## Problem to solve
Of the lines below, copy those that hold the word "eqType".

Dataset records
Lemma occurs_at_splice_nil Q P S a b p : 0 < size Q ->
  (forall k, k < size Q -> nth x0 Q k = f k) ->
  q + (size S - size Q) <= size Q - c * q ->
  occurs_at Q P a -> occurs_at Q S b ->
  occurs_at (splice P a (c * q) [::]) (splice S b (c * q) [::]) p ->
  occurs_at Q S (p + a).
Proof.
move=> Q0 Qf slack /(occurs_at_run Q0 Qf) runPa /(occurs_at_run Q0 Qf) runSb occ.
apply/(occurs_at_run Q0 Qf); set m := size Q - c * q; have m0 : 0 < m by lia.
have le_cQ : c * q <= size Q by lia.
have size_Q : c * q + m = size Q by rewrite subnKC.
have run_shrink s i : run s i (size Q) -> run (splice s i (c * q) [::]) i m.
  by move=> r; apply/(run_splice_nil _ (run_le le_cQ r)); rewrite size_Q.
have runDSpa := run_occurs_at m0 occ (run_shrink _ _ runPa).
have runDSb := run_shrink _ _ runSb.
(* By [slack], these two runs of the shortened S overlap in at least q letters. *)
have le_bS : b + size Q <= size S by case: runSb.
have le_paS : p + a + size Q <= size S.
  by case: runDSpa; rewrite size_splice ?addn0; lia.
case: (leqP b (p + a)) => [le_b_pa | lt_pa_b].
  rewrite -(subnKC le_b_pa) in runDSpa *; set e := p + a - b in runDSpa *.
  have fe : forall j, f (j + e) = f j by apply: run_period_shift runDSb runDSpa; lia.
  have /(run_splice_nil _ (run_le le_cQ runSb)) : run (splice S b (c * q) [::]) b (e + m).
    by apply: run_merge runDSb runDSpa; lia.
  by rewrite addnCA size_Q => /(iffLR (run_split _ _ _ fe)) [].
set e := b - (p + a).
have runDSb' : run (splice S b (c * q) [::]) (p + a + e) m by rewrite subnKC // ltnW.
have fe : forall j, f (j + e) = f j by apply: run_period_shift runDSpa runDSb'; lia.
apply: (run_le (_ : _ <= e + size Q)); first lia.
apply/(iffRL (run_split _ _ _ fe)); split; last by rewrite subnKC // ltnW.
by apply: (run_splice_nil_prefix (_ : b + c * q <= size S)) (run_le _ runDSpa); lia.
Qed.

End Runs.

Lemma splice_drop (T : eqType) (Q s : seq T) i d : d <= size Q ->
  occurs_at Q s i -> splice s i (size Q) (drop d Q) = splice s i d [::].
Proof.
move=> le_dQ /eqP def_Q; rewrite /splice; congr (_ ++ _).
have def_s : drop i s = Q ++ drop (i + size Q) s.
  by rewrite -{1}(cat_take_drop (size Q) (drop i s)) def_Q drop_drop addnC.
rewrite cat0s [in RHS]addnC -[in RHS]drop_drop def_s drop_cat.
case: ltnP => [//|ge_dQ]; have -> : d = size Q by lia.
by rewrite drop_size subnn drop0.
Qed.

Lemma rk_occurs_at (T : eqType) (Q P S : seq T) (W : seq (option T)) p :
  0 < size Q -> 0 < size W -> infix Q P ->
  (forall i, occurs_at Q S i -> rk Q W S = splice (map Some S) i (size Q) W) ->
  (infix Q S -> occurs_at (rk Q W P) (rk Q W S) p ->
   occurs_at Q S (p + infix_index Q P)) ->
  occurs_at P S p <-> occurs_at (rk Q W P) (rk Q W S) p.
Proof.
move=> Q0 W0 QP rkS rk_occ; have QPa := occurs_at_infix_index QP.
have le_aP := occurs_at_size Q0 QPa.
have key : occurs_at Q S (p + infix_index Q P) ->
    occurs_at (rk Q W P) (rk Q W S) p = occurs_at P S p.
  move=> QSpa; have Some_inj' : injective (@Some T) by move=> x y [].
  rewrite (rkS _ QSpa) rk_splice // -(size_map Some) occurs_at_splice ?size_map
          ?occurs_at_map //.
split=> [PS | occ]; first by rewrite key //; apply: occurs_at_trans QPa PS.
have QS : infix Q S.
  apply: contraTT occ => /negbTE nQS.
  rewrite /occurs_at (rk_splice _ QP) /rk nQS /= eq_sym -size_eq0 -lt0n.
  by rewrite size_splice ?size_map // addn_gt0 W0 orbT.
by rewrite -key ?rk_occ.
Qed.

Lemma rk_hash_aligned (T : eqType) (Q P S : seq T) p :
  0 < size Q -> infix Q P -> infix Q S ->
  occurs_at (rk Q [:: hash] P) (rk Q [:: hash] S) p ->
  occurs_at Q S (p + infix_index Q P).
Proof.
move=> Q0 QP QS; have x0 : T by case: Q Q0 {QP QS} => [|x].
have QSb := occurs_at_infix_index QS; have le_bS := occurs_at_size Q0 QSb.
have le_aP := occurs_at_size Q0 (occurs_at_infix_index QP).
rewrite !rk_splice //; set a := infix_index Q P in le_aP *.
set b := infix_index Q S in QSb le_bS *.
have le_bS' : b + size Q <= size (map Some S) by rewrite size_map.
have P0 : 0 < size (splice (map Some P) a (size Q) [:: hash]).
  by rewrite size_splice ?size_map // addn1.
case/(occurs_atP None P0); rewrite !size_splice ?size_map //= => le_sz eq_nth.
(* # is the only [None] of r_k(S). *)
have hash_at : nth None (splice (map Some S) b (size Q) [:: hash]) (p + a) = hash.
  by rewrite eq_nth ?nth_splice_mid ?subnn ?size_splice ?size_map ?addn1 ?leqnn ?ltnSn //; lia.
suff eq_b : p + a = b by rewrite eq_b.
case: (ltngtP (p + a) b) => [lt_pa_b|lt_b_pa|//].
  move: hash_at; rewrite nth_splice_lt //.
  by rewrite (nth_map x0) //; lia.
move: hash_at; rewrite nth_splice_ge /=; try lia.
by rewrite (nth_map x0) //; lia.
Qed.

Lemma occurs_at_rk_hash (T : eqType) (Q P S : seq T) p :
  0 < size Q -> size S < size Q + per Q -> infix Q P ->
  occurs_at P S p <-> occurs_at (rk Q [:: hash] P) (rk Q [:: hash] S) p.
Proof.
move=> Q0 lt_S QP; apply: rk_occurs_at => //; last exact: rk_hash_aligned.
move=> i QSi; rewrite rk_splice ?(occurs_at_infix Q0 QSi) //.
by rewrite (infix_index_lt_per Q0 lt_S QSi).
Qed.

Lemma occurs_at_rk_drop (T : eqType) (Q P S : seq T) q c p :
  0 < size Q -> is_period Q q -> q + (size S - size Q) <= size Q - c * q ->
  infix Q P ->
  occurs_at P S p <->
  occurs_at (rk Q (map Some (drop (c * q) Q)) P) (rk Q (map Some (drop (c * q) Q)) S) p.
Proof.
move=> Q0 per_q slack QP; have x0 : T by case: Q Q0 {per_q slack QP} => [|x].
have q_gt0 : 0 < q by case/andP: per_q.
pose f k := nth x0 Q (k %% q).
have fq k : f (k + q) = f k by rewrite /f modnDr.
have Qf k : k < size Q -> nth x0 Q k = f k := nth_mod_period x0 per_q.
have le_cQ : c * q <= size Q by lia.
have rk_drop s : infix Q s ->
    rk Q (map Some (drop (c * q) Q)) s = map Some (splice s (infix_index Q s) (c * q) [::]).
  by move=> Qs; rewrite rk_splice // -map_splice splice_drop ?occurs_at_infix_index.
apply: rk_occurs_at => //; first by rewrite size_map size_drop; lia.
  move=> i QSi; rewrite rk_drop ?(occurs_at_infix Q0 QSi) //.
  rewrite (splice_nil_infix_index q_gt0 fq Q0 Qf _ le_cQ QSi); last lia.
  by rewrite -(splice_drop le_cQ QSi) map_splice.
move=> QS; rewrite !rk_drop // occurs_at_map; last by move=> x y [].
by apply: (occurs_at_splice_nil q_gt0 fq Q0 Qf) => //; apply: occurs_at_infix_index.
Qed.

Lemma drop_spow (T : eqType) (Q rho rho' : seq T) t t' :
  Q = spow rho t ++ rho' -> t' <= t ->
  drop ((t - t') * size rho) Q = spow rho t' ++ rho'.
Proof.
move=> -> le_t; rewrite -[in spow rho t](subnK le_t) spowD -catA.
by rewrite drop_size_cat // size_spow.
Qed.

Theorem lemma6 (A : eqType) (tau ell : nat) (Sk : seq A)
    (Q' : seq (option A)) (P S : seq A) (p : nat) :
  1 <= tau -> 10 * tau < ell -> ell <= size Sk ->
  valid_Qprime tau (Qk tau ell Sk) Q' ->
  size S <= size (Qk tau ell Sk) + 4 * tau ->
  infix (Qk tau ell Sk) P ->
  occurs_at P S p <->
  occurs_at (rk (Qk tau ell Sk) Q' P) (rk (Qk tau ell Sk) Q' S) p.
Proof.
move=> tau_gt0 lt_ell le_ell valid le_S QP.
set Q := Qk tau ell Sk in valid le_S QP *.
have size_Q : size Q = ell - 2 * tau by rewrite size_drop size_takel.
have Q0 : 0 < size Q by lia.
move: valid; rewrite /valid_Qprime; case: ifP => [lt_per -> | le_per].
  by apply: occurs_at_rk_hash => //; lia.
case=> t [t' [rho' [def_Q _ le_t -> /andP [size_Q' _]]]].
have size_rho : size (take (per Q) Q) = per Q by rewrite size_takel ?per_le_size.
rewrite -(drop_spow def_Q le_t) size_rho size_map size_drop in size_Q' *.
by apply: occurs_at_rk_drop (is_period_per Q0) _ QP; lia.
Qed.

## Exercise result
Lemma splice_drop (T : eqType) (Q s : seq T) i d : d <= size Q ->
Lemma rk_occurs_at (T : eqType) (Q P S : seq T) (W : seq (option T)) p :
Lemma rk_hash_aligned (T : eqType) (Q P S : seq T) p :
Lemma occurs_at_rk_hash (T : eqType) (Q P S : seq T) p :
Lemma occurs_at_rk_drop (T : eqType) (Q P S : seq T) q c p :
Lemma drop_spow (T : eqType) (Q rho rho' : seq T) t t' :
Theorem lemma6 (A : eqType) (tau ell : nat) (Sk : seq A)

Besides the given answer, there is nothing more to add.